Lily pocketed the pregnancy test on instinct, like an investigator, or judge. It was proof. But who, exactly, besides her mother, linked to the proof was still in question. She went back downstairs and found Max on tiptoe in the library reaching for an old tin half hidden behind some books. He took it down and handed it over to Lily when he saw her in the doorway.
“I’ve always been good at snooping,” he said, a little embarrassed.
Lily opened the tin and laid out the contents on the coffee table. A little notebook caught her eye, a small, worn blue-leather bound thing with an elastic closure. She flipped through the pages. It was some sort of calendar of days, lots of things scratched out beyond recognition or legibility. She flipped back and forth until she started to make some sense of what was inside. There were a few entries on days that hadn’t been scratched out. No drinking today was underlined on February 3 and then again on March 20 through 25. Only one drink today was crossed out several times on March 26. Smoked a little green today was written on April 1. And under that, thought a lot about the significance of rain. The little notebook struck her as funny at first, all the details laid out about drinking or abstaining. She looked up at Max with a laugh and then as quickly as it had made her laugh the smile drained off her face.
“It’s a vice notebook,” she said. “Like a diary of all the drinking and smoking my mom did.”
“Well,” Max said, letting his full weight flop down on the old couch beside Lily, “at least she’s aware of her vices.
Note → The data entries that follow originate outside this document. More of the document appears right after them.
(* There is a positive absolute constant $C_0$ such that for every $n\geq 2$, every domain $D$ in $\mathbb{R}^n$ such that $\mathbb{R}^n\setminus D$ contains at least two points, and all $z,w\in D$, $$d''_D(z,w)\leq d'_D(z,w)\leq d_D(z,w)\leq C_0\, d''_D(z,w).$$
   Context: Write $d(z,\partial D)=\inf\{|z-a|:a\in\partial D\}$ and $Q(z;a,b)=|z-a|\big(1+\big|\log\frac{|a-b|}{|z-a|}\big|\big)$ (equal to $+\infty$ when $a=b$). For $z\in D$ define $1/\lambda_D(z)=\inf\{Q(z;a,b): a,b\in\mathbb{R}^n\setminus D\}$, $1/\lambda'_D(z)=\inf\{Q(z;a,b): a,b\in\partial D\}$, $1/\lambda''_D(z)=\inf\{Q(z;a,b): a,b\in\partial D,\ |z-a|=d(z,\partial D)\}$. For $z,w\in D$ set $d_D(z,w)=\inf_\gamma\int_\gamma\lambda_D(t)|dt|$, $d'_D(z,w)=\inf_\gamma\int_\gamma\lambda'_D(t)|dt|$, $d''_D(z,w)=\inf_\gamma\int_\gamma\lambda''_D(t)|dt|$, the infima over all rectifiable arcs $\gamma$ joining $z$ to $w$ in $D$. *)

(* R : realType, points of R^n are row vectors 'rV[R]_n
   with the EUCLIDEAN norm defined below. *)
From HB Require Import structures.
From mathcomp Require Import all_boot all_order all_algebra.
From mathcomp Require Import all_classical all_reals all_analysis.
Set Implicit Arguments. Unset Strict Implicit. Unset Printing Implicit Defensive.
Import Order.TTheory GRing.Theory Num.Theory.
Import numFieldNormedType.Exports.
Local Open Scope classical_set_scope.
Local Open Scope ring_scope.

Section Defs.
Context {R : realType} {n : nat}.
Implicit Types (x y z a b : 'rV[R]_n) (D : set 'rV[R]_n).

Definition enorm x : R := Num.sqrt (\sum_(i < n) (x ord0 i) ^+ 2).

Definition bdry D : set 'rV[R]_n := closure D `\` interior D.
That’s a lot more than I could say for a lot of people.”
“Don’t defend her, please,” Lily said. “Not right now.” She put her hand on the outside of her pocket, the secret evidence of the pregnancy test inside.
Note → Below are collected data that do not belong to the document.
(* Pulling the coproduct back along [h ∘ chi] decomposes [F X] into pieces on
   which both sides are compared via [represents_component]. *)
Lemma represents_on_coproduct {Y S : C2} (s : FG Y) {I : Type} (U : I -> C1)
  (phi : forall i, Hom (F (U i)) Y) (inj : forall i, Hom (F (U i)) S)
  (h : Hom S Y) (s' : G S) :
  is_coproduct (fun i => F (U i)) inj -> (forall i, comp h (inj i) = phi i) ->
  (forall i, P_map G (inj i) s' = component s (U i) (phi i)) ->
  represents s h s'.
Proof.
  intros Hcop Hphi Hs' X chi.
  destruct (proj2 (proj2 Hext) _ _ _ _ Hcop (F X) chi) as [Hex Hstable].
  destruct (pullbacks_of_family _ _ _ Hex) as (P & p1 & p2 & Hpb).
  apply (sheaf_coproduct_ext T2 G HG _ p2 (Hstable P p1 p2 Hpb)); intro i.
  rewrite <- P_comp, <- (proj1 (Hpb i)), P_comp, Hs'.
  apply (represents_unique (represents_restrict (p1 i) (represents_component s (U i) (phi i)))
           (represents_restrict (p2 i) (represents_component s X (comp h chi)))).
  rewrite <- (Hphi i), <- !comp_assoc, (proj1 (Hpb i)); reflexivity.
Qed.

Lemma represents_exists {Y : C2} (s : FG Y) : exists t : G Y, represents s (idm Y) t.
Proof.
  destruct (proj2 Hdense Y) as (I & U & phi & S & inj & h & Hcop & Hphi & Hu & Hls).
  destruct (sheaf_coproduct_glue T2 G HG _ inj Hcop (fun i => component s (U i) (phi i)))
    as [s' Hs'].
  pose proof (represents_on_coproduct s U phi inj h s' Hcop Hphi Hs') as Hrep.
  destruct (Hu S h) as (P & q1 & q2 & Hpb).
  destruct (sheaf_descent T2 G HG h q1 q2 Hu Hls Hpb s') as [t Ht].
  { exact (represents_unique (represents_restrict q1 Hrep) (represents_restrict q2 Hrep)
             (proj1 Hpb)). }
  exists t; apply (represents_descend Hu Hls).
  rewrite Ht, comp_id_l; exact Hrep.
Qed.

Definition glue {Y : C2} (s : FG Y) : G Y :=
  proj1_sig (constructive_indefinite_description _ (represents_exists s)).

Lemma glue_represents {Y : C2} (s : FG Y) : represents s (idm Y) (glue s).
Proof. exact (proj2_sig (constructive_indefinite_description _ (represents_exists s))). Qed.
“Hey, look,” Max said as he sifted through the other items in the tin. “There’s a letter for you here.”
The envelope had been folded several times and the penned Lily on the front had a stained mark where a drop of water, or perhaps a tear, had fallen on the ink. Lily turned the envelope over several times in her hand before opening it up and unfolding the one-page letter inside.
Dear Lily,
My dear, inquisitive daughter. Let me just start by saying I am so incredibly proud of who you are—a bright, funny, independent spirit. I know you get frustrated by not knowing about your father, and I wish more than anything that I could answer all the questions you have. But the truth is that he was simply a blip on your timeline. He was not a nice man, and his contribution to your genetic self is probably the best thing he ever did in his life. Life is full of these kind of quandaries, and some of the answers we seek are truly better left undiscovered. You left me two months ago to live with Boomer and Max, and I don’t blame you for the decision. But all I can ask is that you accept me for who I am—your flawed, fiery mother who loves you unconditionally, forever. Please consider coming back to me my fawn, my deer, dear.
I love you,
Momma
Lily folded the letter back up in its envelope, stood up, and walked over to the mantle where the egg collection sat, patiently waiting, as always. She peered in through one of the portals and for the first time thought about how each of those eggs had been the promise of life at some point. They were the baby birds that never were, and they were beautiful and still and perfect in their frozen state. Their life had been drained leaving behind only the specter of possibility. She opened the lid and felt a trembling in the house, her fingers shaking like she had drunk too much coffee. She thought for a moment she might faint, and then as quickly as it began, it stopped.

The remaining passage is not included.